Of all the entries below, retype only the lines from the one with "[d \o d = d \o" through the one with "move=> lt_i_s; case", exactly as they appear.

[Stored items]
= Beginning of Section =

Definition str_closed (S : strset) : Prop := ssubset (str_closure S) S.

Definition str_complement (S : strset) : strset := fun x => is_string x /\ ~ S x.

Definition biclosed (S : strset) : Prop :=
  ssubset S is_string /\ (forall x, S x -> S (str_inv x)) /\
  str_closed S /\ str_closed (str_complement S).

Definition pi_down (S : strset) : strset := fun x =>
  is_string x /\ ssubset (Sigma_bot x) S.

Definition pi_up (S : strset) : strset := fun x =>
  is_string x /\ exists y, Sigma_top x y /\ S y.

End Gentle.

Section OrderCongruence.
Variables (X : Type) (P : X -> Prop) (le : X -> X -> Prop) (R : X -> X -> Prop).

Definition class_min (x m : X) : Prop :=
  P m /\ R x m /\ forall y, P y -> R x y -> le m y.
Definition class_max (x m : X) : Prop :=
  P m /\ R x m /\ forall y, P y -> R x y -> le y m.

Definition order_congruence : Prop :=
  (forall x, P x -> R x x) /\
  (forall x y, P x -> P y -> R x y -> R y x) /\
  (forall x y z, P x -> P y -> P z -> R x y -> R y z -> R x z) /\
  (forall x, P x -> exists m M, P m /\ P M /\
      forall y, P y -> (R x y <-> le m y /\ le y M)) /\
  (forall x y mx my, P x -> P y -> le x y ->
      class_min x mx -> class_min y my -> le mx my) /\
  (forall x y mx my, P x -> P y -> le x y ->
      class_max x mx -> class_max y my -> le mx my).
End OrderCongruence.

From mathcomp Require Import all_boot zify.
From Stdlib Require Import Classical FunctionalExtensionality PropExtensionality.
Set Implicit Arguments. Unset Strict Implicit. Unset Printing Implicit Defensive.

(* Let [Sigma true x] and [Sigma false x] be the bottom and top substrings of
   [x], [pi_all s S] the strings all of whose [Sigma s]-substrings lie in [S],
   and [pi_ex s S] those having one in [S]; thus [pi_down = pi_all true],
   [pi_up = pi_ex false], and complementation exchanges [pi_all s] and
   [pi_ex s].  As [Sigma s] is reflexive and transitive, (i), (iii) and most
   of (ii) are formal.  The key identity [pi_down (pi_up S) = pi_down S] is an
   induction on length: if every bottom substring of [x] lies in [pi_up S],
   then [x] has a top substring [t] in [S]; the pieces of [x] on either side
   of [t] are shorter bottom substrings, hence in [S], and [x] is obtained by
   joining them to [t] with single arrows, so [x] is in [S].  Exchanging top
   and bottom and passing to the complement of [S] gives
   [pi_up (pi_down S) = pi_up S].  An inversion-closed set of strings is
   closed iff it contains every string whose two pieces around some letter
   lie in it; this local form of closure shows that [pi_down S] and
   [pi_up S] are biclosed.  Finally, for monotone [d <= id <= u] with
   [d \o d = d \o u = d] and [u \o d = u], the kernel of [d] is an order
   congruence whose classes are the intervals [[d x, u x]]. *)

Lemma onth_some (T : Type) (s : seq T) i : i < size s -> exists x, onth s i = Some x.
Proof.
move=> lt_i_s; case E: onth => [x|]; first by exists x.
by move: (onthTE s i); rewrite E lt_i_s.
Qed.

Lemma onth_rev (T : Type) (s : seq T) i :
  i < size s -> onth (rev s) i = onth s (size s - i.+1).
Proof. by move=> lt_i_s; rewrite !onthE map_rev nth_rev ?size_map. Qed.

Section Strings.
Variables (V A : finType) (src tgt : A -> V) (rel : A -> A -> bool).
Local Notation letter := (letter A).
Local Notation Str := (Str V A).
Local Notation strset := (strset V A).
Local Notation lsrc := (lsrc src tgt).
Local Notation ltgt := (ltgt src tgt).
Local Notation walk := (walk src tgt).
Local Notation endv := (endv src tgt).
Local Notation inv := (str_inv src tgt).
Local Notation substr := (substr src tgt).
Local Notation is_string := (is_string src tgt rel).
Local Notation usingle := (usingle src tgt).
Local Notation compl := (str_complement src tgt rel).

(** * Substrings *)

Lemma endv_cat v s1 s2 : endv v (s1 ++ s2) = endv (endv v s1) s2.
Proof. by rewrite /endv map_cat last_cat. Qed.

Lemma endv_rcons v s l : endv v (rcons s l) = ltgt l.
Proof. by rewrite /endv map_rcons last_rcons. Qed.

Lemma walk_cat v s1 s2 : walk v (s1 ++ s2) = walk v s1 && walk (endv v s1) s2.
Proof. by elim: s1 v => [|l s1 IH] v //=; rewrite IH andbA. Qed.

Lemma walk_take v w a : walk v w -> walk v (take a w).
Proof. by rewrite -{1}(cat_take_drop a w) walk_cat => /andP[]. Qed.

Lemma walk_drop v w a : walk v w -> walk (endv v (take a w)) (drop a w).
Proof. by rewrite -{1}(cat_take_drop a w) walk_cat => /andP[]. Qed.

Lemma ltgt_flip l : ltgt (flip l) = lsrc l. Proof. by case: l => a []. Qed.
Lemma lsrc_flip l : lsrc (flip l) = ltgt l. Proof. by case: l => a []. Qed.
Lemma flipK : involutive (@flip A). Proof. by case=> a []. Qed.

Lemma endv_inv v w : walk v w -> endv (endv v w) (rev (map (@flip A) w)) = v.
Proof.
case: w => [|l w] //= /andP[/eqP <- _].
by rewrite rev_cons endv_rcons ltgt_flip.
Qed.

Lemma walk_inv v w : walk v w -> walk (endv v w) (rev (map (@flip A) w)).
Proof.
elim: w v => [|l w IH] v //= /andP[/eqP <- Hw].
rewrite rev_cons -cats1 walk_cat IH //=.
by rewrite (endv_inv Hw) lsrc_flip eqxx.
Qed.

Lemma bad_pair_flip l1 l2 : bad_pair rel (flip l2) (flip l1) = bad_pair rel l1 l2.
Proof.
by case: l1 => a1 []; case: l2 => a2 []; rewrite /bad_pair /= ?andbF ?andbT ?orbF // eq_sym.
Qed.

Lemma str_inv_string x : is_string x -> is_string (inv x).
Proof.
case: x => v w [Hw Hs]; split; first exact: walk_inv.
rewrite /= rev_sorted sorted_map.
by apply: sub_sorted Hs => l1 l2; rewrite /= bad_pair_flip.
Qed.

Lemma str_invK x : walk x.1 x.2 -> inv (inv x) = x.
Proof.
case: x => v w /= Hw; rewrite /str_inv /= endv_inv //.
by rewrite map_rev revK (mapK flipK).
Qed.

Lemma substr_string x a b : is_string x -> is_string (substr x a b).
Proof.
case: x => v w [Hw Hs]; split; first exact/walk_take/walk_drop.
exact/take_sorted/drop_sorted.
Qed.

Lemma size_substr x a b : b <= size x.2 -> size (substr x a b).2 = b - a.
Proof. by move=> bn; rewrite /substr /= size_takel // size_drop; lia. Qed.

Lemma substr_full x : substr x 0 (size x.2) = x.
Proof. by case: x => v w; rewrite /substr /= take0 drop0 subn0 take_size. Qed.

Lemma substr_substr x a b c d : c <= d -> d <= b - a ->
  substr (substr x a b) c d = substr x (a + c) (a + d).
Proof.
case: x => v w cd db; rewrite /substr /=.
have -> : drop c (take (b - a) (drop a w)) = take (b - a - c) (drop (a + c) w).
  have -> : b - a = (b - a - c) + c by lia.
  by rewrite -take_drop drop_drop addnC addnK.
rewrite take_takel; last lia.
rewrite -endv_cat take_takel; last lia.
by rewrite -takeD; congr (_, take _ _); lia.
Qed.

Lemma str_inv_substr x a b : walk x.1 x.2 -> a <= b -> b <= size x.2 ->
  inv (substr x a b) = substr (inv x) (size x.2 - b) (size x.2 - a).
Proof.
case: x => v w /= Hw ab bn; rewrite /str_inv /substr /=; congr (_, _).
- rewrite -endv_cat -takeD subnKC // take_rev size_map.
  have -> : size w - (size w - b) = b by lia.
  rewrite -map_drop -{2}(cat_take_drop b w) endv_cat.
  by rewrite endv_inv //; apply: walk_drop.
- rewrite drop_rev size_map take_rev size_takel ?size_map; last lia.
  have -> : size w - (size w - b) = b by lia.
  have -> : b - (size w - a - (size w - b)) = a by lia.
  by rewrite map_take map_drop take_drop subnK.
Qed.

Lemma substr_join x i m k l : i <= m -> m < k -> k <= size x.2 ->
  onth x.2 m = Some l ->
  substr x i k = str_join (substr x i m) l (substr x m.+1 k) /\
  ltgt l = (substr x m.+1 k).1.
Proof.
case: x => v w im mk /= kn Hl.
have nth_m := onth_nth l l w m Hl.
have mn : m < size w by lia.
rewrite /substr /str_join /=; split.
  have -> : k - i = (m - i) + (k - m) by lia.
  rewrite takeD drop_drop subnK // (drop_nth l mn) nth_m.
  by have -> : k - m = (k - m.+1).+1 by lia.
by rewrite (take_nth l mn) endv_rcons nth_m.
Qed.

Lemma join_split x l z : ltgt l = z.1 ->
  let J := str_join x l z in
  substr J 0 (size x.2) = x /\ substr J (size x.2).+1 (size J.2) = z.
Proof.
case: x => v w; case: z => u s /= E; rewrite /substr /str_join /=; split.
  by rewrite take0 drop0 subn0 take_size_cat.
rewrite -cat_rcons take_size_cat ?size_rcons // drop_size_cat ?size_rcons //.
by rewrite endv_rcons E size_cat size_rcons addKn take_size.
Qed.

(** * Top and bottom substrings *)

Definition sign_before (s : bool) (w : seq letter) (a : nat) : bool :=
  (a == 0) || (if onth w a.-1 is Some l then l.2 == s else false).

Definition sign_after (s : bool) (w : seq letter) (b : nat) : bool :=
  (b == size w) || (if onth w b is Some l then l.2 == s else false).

= End of Section =

EXERCISE RESPONSE -
   [d \o d = d \o u = d] and [u \o d = u], the kernel of [d] is an order
   congruence whose classes are the intervals [[d x, u x]]. *)

Lemma onth_some (T : Type) (s : seq T) i : i < size s -> exists x, onth s i = Some x.
Proof.
move=> lt_i_s; case E: onth => [x|]; first by exists x.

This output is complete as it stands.